Solution: Ensure that canonical rules automatically add a tag for URLs with a timestamp parameter. Make it point to the variation of the URL without this parameter included.

4. Automatically canonicalizing query parameters that determine lightboxes and video galleries

Do you have a video lightbox or gallery on your site? If so, then chances are you’re using video plugins or embed codes that use query parameters or hashes to indicate a URL variation.

In such cases, the video player won’t load until the JavaScript is triggered, which is indicated by the adapted URL. For Googlebot to be able to find, render, and index these embedded videos, the URL variations themselves must be crawlable and indexable. This might sound contradictory to the advice we gave before. But there’s a crucial difference between the two situations: The change in content on the page, which occurs with the JavaScript function.

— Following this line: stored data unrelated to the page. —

(* Let $m\ge1$, $N=2^m$. Then over $\mathbb{F}_2$: (i) $\boldsymbol{G}_N=\boldsymbol{G}_N^{-1}$; (ii) $\mathbf{Q}_{\pi}\boldsymbol{G}_N=(\boldsymbol{G}_N\mathbf{Q}_{\pi})^{-1}$; (iii) $(\boldsymbol{G}_N\mathbf{Q}_{\pi})^2=\mathbf{Q}_{\pi}\boldsymbol{G}_N$; (iv) $\boldsymbol{G}_N\mathbf{Q}_{\pi}\boldsymbol{G}_N=\mathbf{Q}_{\pi}\boldsymbol{G}_N\mathbf{Q}_{\pi}$.
   Context: $\boldsymbol{G}_N=\begin{pmatrix}1&0\\1&1\end{pmatrix}^{\otimes m}$ over $\mathbb{F}_2$ (Kronecker power), indices $0,\dots,N-1$. $\mathbf{Q}_{\pi}$ is the $N\times N$ permutation matrix of the permutation of $[0,N-1]$ swapping $i$ and $N-1-i$ for all $i$. *)

From mathcomp Require Import all_boot all_order all_algebra all_fingroup.
Set Implicit Arguments. Unset Strict Implicit. Unset Printing Implicit Defensive.
Import GRing.Theory.
Local Open Scope ring_scope.

(* Row/column indices of a Kronecker product 'I_(m * p): i = (i %/ p) * p + i %% p. *)
Lemma kron_div_ord m p (i : 'I_(m * p)) : (i %/ p < m)%N.
Proof.
have := ltn_ord i; move: (nat_of_ord i) => k; clear i.
case: p => [|p]; first by rewrite muln0.
by rewrite ltn_divLR.
Qed.
Lemma kron_mod_ord m p (i : 'I_(m * p)) : (i %% p < p)%N.
Proof.
have := ltn_ord i; move: (nat_of_ord i) => k; clear i.
case: p => [|p]; first by rewrite muln0.
by rewrite ltn_mod.
Qed.

Definition kron (R : pzRingType) (m n p q : nat)
  (A : 'M[R]_(m, n)) (B : 'M[R]_(p, q)) : 'M[R]_(m * p, n * q) :=
  \matrix_(i, j) (A (Ordinal (kron_div_ord i)) (Ordinal (kron_div_ord j)) *
                  B (Ordinal (kron_mod_ord i)) (Ordinal (kron_mod_ord j))).

Definition F2ker : 'M['F_2]_2 := \matrix_(i < 2, j < 2) (if (j <= i)%N then 1 else 0).

Fixpoint polarG (m : nat) : 'M['F_2]_(2 ^ m) :=
  match m return 'M['F_2]_(2 ^ m) with
  | 0 => 1%:M
  | m'.+1 => castmx (esym (expnS 2 m'), esym (expnS 2 m')) (kron F2ker (polarG m'))
  end.

Definition revperm (N : nat) : 'S_N := perm (@rev_ord_inj N).

Definition Qpi (N : nat) : 'M['F_2]_N := perm_mx (revperm N).

From mathcomp Require Import all_boot all_order all_algebra all_fingroup.
From mathcomp Require Import zify ring.
Set Implicit Arguments. Unset Strict Implicit. Unset Printing Implicit Defensive.
Import GRing.Theory.
Local Open Scope ring_scope.

(* Both G_(2N) = F (x) G_N and Q_(2N) = Q_2 (x) Q_N are Kronecker products, so by
   the mixed-product rule (A (x) B)(C (x) D) = AC (x) BD any identity between
   words in G and Q follows by induction on m from the same identity for the
   2x2 matrices F and Q_2, checked entrywise.  This gives G^2 = 1 and
   (GQ)^2 = QG; the remaining two identities follow from these since Q^2 = 1. *)

Section KronIndex.

Variables n q : nat.

Lemma kron_index_proof (a : 'I_n) (b : 'I_q) : (a * q + b < n * q)%N.
Proof.
have := ltn_ord a; have := ltn_ord b; move: (nat_of_ord a) (nat_of_ord b) => x y.
nia.
Qed.

Definition kron_index (a : 'I_n) (b : 'I_q) : 'I_(n * q) :=
  Ordinal (kron_index_proof a b).

Lemma kron_index_divK (a : 'I_n) (b : 'I_q) :
  Ordinal (kron_div_ord (kron_index a b)) = a.
Proof.
apply: val_inj => /=; have q_gt0 : (0 < q)%N by apply: leq_ltn_trans (ltn_ord b).
by rewrite divnMDl // divn_small // addn0.
Qed.

Lemma kron_index_modK (a : 'I_n) (b : 'I_q) :
  Ordinal (kron_mod_ord (kron_index a b)) = b.
Proof. by apply: val_inj; rewrite /= modnMDl modn_small. Qed.

Lemma kron_index_divmod (k : 'I_(n * q)) :
  kron_index (Ordinal (kron_div_ord k)) (Ordinal (kron_mod_ord k)) = k.
Proof. by apply: val_inj; rewrite /= -divn_eq. Qed.

Variant kron_index_spec : 'I_(n * q) -> Type :=
  KronIndex a b : kron_index_spec (kron_index a b).

Lemma kron_indexP (k : 'I_(n * q)) : kron_index_spec k.
Proof. by rewrite -[k]kron_index_divmod. Qed.

Lemma eq_kron_index (a c : 'I_n) (b d : 'I_q) :
  (kron_index a b == kron_index c d) = (a == c) && (b == d).
Proof.
apply/eqP/andP => [|[/eqP-> /eqP->] //].
move/(congr1 (fun k => (Ordinal (kron_div_ord k), Ordinal (kron_mod_ord k)))).
by rewrite !kron_index_divK !kron_index_modK => -[-> ->].
Qed.

Lemma rev_kron_index (a : 'I_n) (b : 'I_q) :
  rev_ord (kron_index a b) = kron_index (rev_ord a) (rev_ord b).
Proof.
apply: val_inj => /=; have := ltn_ord a; have := ltn_ord b.
move: (nat_of_ord a) (nat_of_ord b) => x y; nia.
Qed.

Lemma sum_kron_index (V : nmodType) (F : 'I_(n * q) -> V) :
  \sum_(k < n * q) F k = \sum_(a < n) \sum_(b < q) F (kron_index a b).
Proof.
rewrite pair_bigA (reindex (fun ab => kron_index ab.1 ab.2)) //=.
exists (fun k => (Ordinal (kron_div_ord k), Ordinal (kron_mod_ord k))).
  by move=> [a b] _; rewrite kron_index_divK kron_index_modK.
by move=> k _; rewrite kron_index_divmod.
Qed.

End KronIndex.

Arguments kron_indexP {n q} k.
Arguments sum_kron_index {n q V} F.

Lemma kronE (R : pzRingType) m n p q (A : 'M[R]_(m, n)) (B : 'M[R]_(p, q)) a b c d :
  kron A B (kron_index a b) (kron_index c d) = A a c * B b d.
Proof. by rewrite /kron mxE !(kron_index_divK, kron_index_modK). Qed.

Lemma kron1 (R : pzRingType) n q : kron (1%:M : 'M[R]_n) (1%:M : 'M[R]_q) = 1%:M.
Proof.
apply/matrixP => i j; case/kron_indexP: i => a b; case/kron_indexP: j => c d.
by rewrite kronE !mxE eq_kron_index -natrM mulnb.
Qed.

Lemma mulmx_kron (R : comPzRingType) m n r p q s (A : 'M[R]_(m, n))
    (B : 'M[R]_(p, q)) (C : 'M[R]_(n, r)) (D : 'M[R]_(q, s)) :
  kron A B *m kron C D = kron (A *m C) (B *m D).
Proof.
apply/matrixP => i j; case/kron_indexP: i => a b; case/kron_indexP: j => c d.
rewrite kronE !mxE sum_kron_index big_distrlr /=.
by apply: eq_bigr => a' _; apply: eq_bigr => b' _; rewrite !kronE; ring.
Qed.

Lemma mulmx_castmx (R : pzRingType) n n' (e : n = n') (A B : 'M[R]_n) :
  castmx (e, e) A *m castmx (e, e) B = castmx (e, e) (A *m B).
Proof. by case: n' / e; rewrite !castmx_id. Qed.

Lemma castmx1 (R : pzRingType) n n' (e : n = n') :
  castmx (e, e) (1%:M : 'M[R]_n) = 1%:M.
Proof. by case: n' / e; rewrite castmx_id. Qed.

Lemma Qpi_castmx n n' (e : n = n') : castmx (e, e) (Qpi n) = Qpi n'.
Proof. by case: n' / e; rewrite castmx_id. Qed.

Lemma Qpi_kron n q : Qpi (n * q) = kron (Qpi n) (Qpi q).
Proof.
apply/matrixP => i j; case/kron_indexP: i => a b; case/kron_indexP: j => c d.
by rewrite kronE /Qpi !perm_mxEsub !mxE !permE rev_kron_index eq_kron_index -natrM mulnb.
Qed.

Lemma Qpi_invol n : Qpi n *m Qpi n = 1%:M.
Proof.
rewrite /Qpi -perm_mxM -perm_mx1; congr perm_mx.
by apply/permP => i; rewrite permM !permE rev_ordK.
Qed.

Lemma Qpi_expS m : Qpi (2 ^ m.+1) =
  castmx (esym (expnS 2 m), esym (expnS 2 m)) (kron (Qpi 2) (Qpi (2 ^ m))).
Proof. by rewrite -Qpi_kron Qpi_castmx. Qed.

Lemma polarG_expS m : polarG m.+1 =
  castmx (esym (expnS 2 m), esym (expnS 2 m)) (kron F2ker (polarG m)).
Proof. by []. Qed.

Lemma Qpi_exp0 : Qpi (2 ^ 0) = 1%:M.
Proof. by apply/matrixP => i j; rewrite !mxE !ord1. Qed.

Lemma Qpi2E : Qpi 2 = \matrix_(i < 2, j < 2) (i + j == 1)%N%:R.
Proof.
apply/matrixP => i j; rewrite /Qpi perm_mxEsub !mxE permE.
by case: i => [[|[|//]] ?]; case: j => [[|[|//]] ?].
Qed.

Lemma F2ker_invol : F2ker *m F2ker = 1%:M.
Proof.
apply/matrixP => i j; rewrite !mxE !big_ord_recl big_ord0 !mxE.
by case: i => [[|[|//]] ?]; case: j => [[|[|//]] ?] /=; apply/eqP.
Qed.

Lemma F2ker_Qpi_sqr : (F2ker *m Qpi 2) *m (F2ker *m Qpi 2) = Qpi 2 *m F2ker.
Proof.
rewrite Qpi2E; apply/matrixP => i j.
rewrite !mxE !big_ord_recl !big_ord0 !mxE !big_ord_recl !big_ord0 !mxE.
by case: i => [[|[|//]] ?]; case: j => [[|[|//]] ?] /=; apply/eqP.
Qed.

Lemma polarG_invol m : polarG m *m polarG m = 1%:M.
Proof.
elim: m => [|m IHm]; first by rewrite mul1mx.
by rewrite polarG_expS mulmx_castmx mulmx_kron F2ker_invol IHm kron1 castmx1.
Qed.

Lemma polarG_Qpi_sqr m :
  (polarG m *m Qpi (2 ^ m)) *m (polarG m *m Qpi (2 ^ m)) = Qpi (2 ^ m) *m polarG m.
Proof.
elim: m => [|m IHm]; first by rewrite Qpi_exp0 !mul1mx.
by rewrite polarG_expS Qpi_expS !mulmx_castmx !mulmx_kron F2ker_Qpi_sqr IHm.
Qed.

Lemma mulmx1_invmx (R : comUnitRingType) n (A B : 'M[R]_n) :
  A *m B = 1%:M -> A \in unitmx /\ B = invmx A.
Proof.
move=> AB1; have [A_unit _] := mulmx1_unit AB1.
by split=> //; rewrite -[invmx A]mulmx1 -AB1 mulKmx.
Qed.

Theorem lemma2 (m : nat) (hm : (1 <= m)%N) :
  [/\ polarG m \in unitmx /\ polarG m = invmx (polarG m),
      polarG m *m Qpi (2 ^ m) \in unitmx /\
        Qpi (2 ^ m) *m polarG m = invmx (polarG m *m Qpi (2 ^ m)),
      (polarG m *m Qpi (2 ^ m)) *m (polarG m *m Qpi (2 ^ m))
        = Qpi (2 ^ m) *m polarG m
    & polarG m *m Qpi (2 ^ m) *m polarG m
        = Qpi (2 ^ m) *m polarG m *m Qpi (2 ^ m)].
Proof.
set G := polarG m; set Q := Qpi (2 ^ m).
have GQ_QG : G *m Q *m (Q *m G) = 1%:M.
  by rewrite -mulmxA (mulmxA Q) Qpi_invol mul1mx polarG_invol.
have GQGQ : G *m Q *m (G *m Q) = Q *m G := polarG_Qpi_sqr m.
split; [exact: mulmx1_invmx (polarG_invol m) | exact: mulmx1_invmx | by [] |].
by rewrite -GQGQ -!mulmxA Qpi_invol mulmx1.
Qed.
(* Let $n\ge3$ and let $M^{2n-1}\subset U_n$ be the hypersurface consisting of non-degenerate $n$-gons with a fixed non-zero value of the area function $A$. Then at every point of $M$ the tangent space of $M$ is spanned by the vector fields tangent to the dual Birkhoff distribution $\mathcal F$ and their first commutators. Thus the bracket growth type of $\mathcal F$ on $M$ is $(n,2n-1)$.
   Context: $[\cdot,\cdot]$ is the determinant of two plane vectors; indices are cyclic. $G_n$ is the set of $n$-gons $(z_1,\dots,z_n)\in(\mathbb R^2)^n$ with $z_i\ne z_{i+1}$; $U_n\subset G_n$ is the open set of non-degenerate $n$-gons (no three consecutive vertices collinear). $A(z_1,\dots,z_n)=\sum_{i}[z_i,z_{i+1}]$ (twice the signed area). The dual Birkhoff distribution $\mathcal F$ on $G_n$: a tangent vector $W=(w_1,\dots,w_n)$ (velocities of the vertices) lies in $\mathcal F$ iff for each $i$ the induced motion of the line $z_iz_{i+1}$ is an infinitesimal rotation about the midpoint of $z_iz_{i+1}$; equivalently $[w_i+w_{i+1},z_{i+1}-z_i]=0$ for all $i$. $\mathcal F$ is $n$-dimensional and tangent to the level sets of $A$, hence defines a distribution on $M$. *)

From HB Require Import structures.
From mathcomp Require Import all_boot all_order all_algebra.
From mathcomp Require Import all_classical all_reals all_analysis.
Set Implicit Arguments. Unset Strict Implicit. Unset Printing Implicit Defensive.
Import Order.TTheory GRing.Theory Num.Theory.
Import numFieldNormedType.Exports.
Local Open Scope classical_set_scope.
Local Open Scope ring_scope.

Section Polygons.
Variables (R : realType) (n : nat).

(* An n-gon (z_1,...,z_n) in (R^2)^n is an n x 2 matrix; row i is vertex z_i.
   Tangent vectors W = (w_1,...,w_n) live in the same space. *)
Definition ngon := 'M[R]_(n, 2).

Definition det2 (a b : 'rV[R]_2) : R := a 0 0 * b 0 1 - a 0 1 * b 0 0.

Definition vtx (z : ngon) (i : 'I_n) : 'rV[R]_2 := row i z.
Definition nxt (i : 'I_n) : 'I_n := ordS i.

Definition G_n : set ngon := [set z | forall i, vtx z i <> vtx z (nxt i)].

Definition U_n : set ngon :=
  [set z | G_n z /\ forall i,
     det2 (vtx z (nxt i) - vtx z i) (vtx z (nxt (nxt i)) - vtx z (nxt i)) != 0].

Definition area (z : ngon) : R := \sum_(i < n) det2 (vtx z i) (vtx z (nxt i)).

Definition birkhoffF (z : ngon) : set ngon :=
  [set W | forall i, det2 (vtx W i + vtx W (nxt i)) (vtx z (nxt i) - vtx z i) = 0].

Definition Mhyp (c : R) : set ngon := [set z | U_n z /\ area z = c].

Definition tangentM (z : ngon) : set ngon := [set W | 'D_W area z = 0].

Definition iter_dir (vs : seq ngon) (X : ngon -> ngon) : ngon -> ngon :=
  foldr (fun v g => fun x => 'D_v g x) X vs.

Definition smooth_on (U : set ngon) (X : ngon -> ngon) : Prop :=
  forall vs : seq ngon, forall x, U x -> differentiable (iter_dir vs X) x.

Definition F_field (c : R) (z : ngon) (X : ngon -> ngon) : Prop :=
  exists U : set ngon, [/\ open U, U z, smooth_on U X &
    forall y, U y -> Mhyp c y -> birkhoffF y (X y)].

Definition lie (X Y : ngon -> ngon) (z : ngon) : ngon :=
  'D_(X z) Y z - 'D_(Y z) X z.

Definition gen_set (c : R) (z : ngon) : set ngon :=
  [set v | (exists X, F_field c z X /\ v = X z) \/
           (exists X Y, [/\ F_field c z X, F_field c z Y & v = lie X Y z])].

Definition in_span (S : set ngon) (W : ngon) : Prop :=
  exists (k : nat) (a : 'I_k -> R) (v : 'I_k -> ngon),
    (forall j, S (v j)) /\ W = \sum_(j < k) a j *: v j.

End Polygons.

From HB Require Import structures.
From mathcomp Require Import all_boot all_order all_algebra.
From mathcomp Require Import all_classical all_reals all_analysis.
From mathcomp Require Import ring zify.
Set Implicit Arguments.
Unset Strict Implicit.
Unset Printing Implicit Defensive.
Import Order.TTheory GRing.Theory Num.Theory.
Import numFieldNormedType.Exports.
Local Open Scope classical_set_scope.
Local Open Scope ring_scope.

(* The tangent space of [M] at [z] is the kernel of [dA(z) = area_form z], and
   [area_form z W] is the sum of the [n] Birkhoff constraints [birkhoff_form i z W].
   Hence every vector of [F] is tangent to [M]. For two fields [X], [Y] tangent to [F]
   along [M], the function [p |-> area_form p (Y p)] vanishes on [M]; differentiating it
   along [X z] inside [M] (a curve in [M] with any tangent velocity exists since [c != 0])
   and using the symmetry of [area_form] gives [area_form z [X, Y] = 0].
   Conversely, [F(z)] is spanned by the values of the polynomial fields
   [birkhoff_field j], and the bracket of two consecutive ones violates only the
   constraints of the edges [j] and [j+1], by opposite non-zero amounts. These brackets
   therefore realise every constraint vector of sum zero, so that any tangent [W] can be
   corrected into a vector of [F(z)] by subtracting a combination of them. *)

Section CyclicIndex.
Variable n : nat.
Implicit Types i j : 'I_n.

Definition prv i : 'I_n := ord_pred i.

Lemma nxtK : cancel (@nxt n) prv. Proof. exact: ordSK. Qed.
Lemma prvK : cancel prv (@nxt n). Proof. exact: ord_predK. Qed.
Lemma nxt_inj : injective (@nxt n). Proof. exact: can_inj nxtK. Qed.

Lemma eq_nxt_prv i j : (i == nxt j) = (prv i == j).
Proof. by apply/eqP/eqP => [->|<-]; rewrite ?nxtK ?prvK. Qed.

Lemma sum_nxt (V : nmodType) (F : 'I_n -> V) : \sum_i F (nxt i) = \sum_i F i.
Proof. by rewrite [RHS](reindex_inj nxt_inj). Qed.

Lemma nxt_val i : nat_of_ord (nxt i) = if i.+1 == n then 0%N else i.+1.
Proof.
rewrite /=; case: eqP => [->|ne]; first exact: modnn.
by rewrite modn_small //; have := ltn_ord i; lia.
Qed.

Lemma prv_val i : nat_of_ord (prv i) = if nat_of_ord i == 0%N then n.-1 else i.-1.
Proof.
rewrite /=; have := ltn_ord i; case: eqP => [->|ne] lt_in.
  by rewrite modn_small; lia.
by rewrite -subn1 -addnBAC ?lt0n ?modnDr ?modn_small //; lia.
Qed.

Lemma nxt_neq i : (1 < n)%N -> nxt i != i.
Proof.
move=> n1; apply/eqP => /(congr1 (@nat_of_ord n)); rewrite nxt_val.
by have := ltn_ord i; case: (i.+1 =P n); lia.
Qed.

Lemma nxt2_neq i : (2 < n)%N -> nxt (nxt i) != i.
Proof.
move=> n2; apply/eqP => /(congr1 (@nat_of_ord n)); rewrite !nxt_val; have := ltn_ord i.
by case: (i.+1 =P n) => /=; [case: (1 =P n) | case: (i.+2 =P n)]; lia.
Qed.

You need to make these types of dynamically generated pages, such as those created through Wistia Channels, available for search engine crawlers. However, we recommend that you don’t use noindex or rel=”canonical” tags. This does mean you have to carefully consider the automatic canonical rules. In addition, you have to ensure that any parameters you use are not automatically grouped in with timestamp parameters, or tracking parameters that are implemented by other analytics platforms. These should be automatically canonicalized.

Solution: Don’t add canonical tags to these pages.

In summary

The rel=”canonical” tag can be a useful tool in your SEOs arsenal. It specifies the “canonical URL,” or the “preferred” version of a web page. This means you can avoid pointing Google towards duplicate content. So if you use the rel=”canonical” tag correctly, it will improve your site’s SEO. Awesome, right? That’s why it’s good to know what the common mistakes are when using this task, and how to correct them.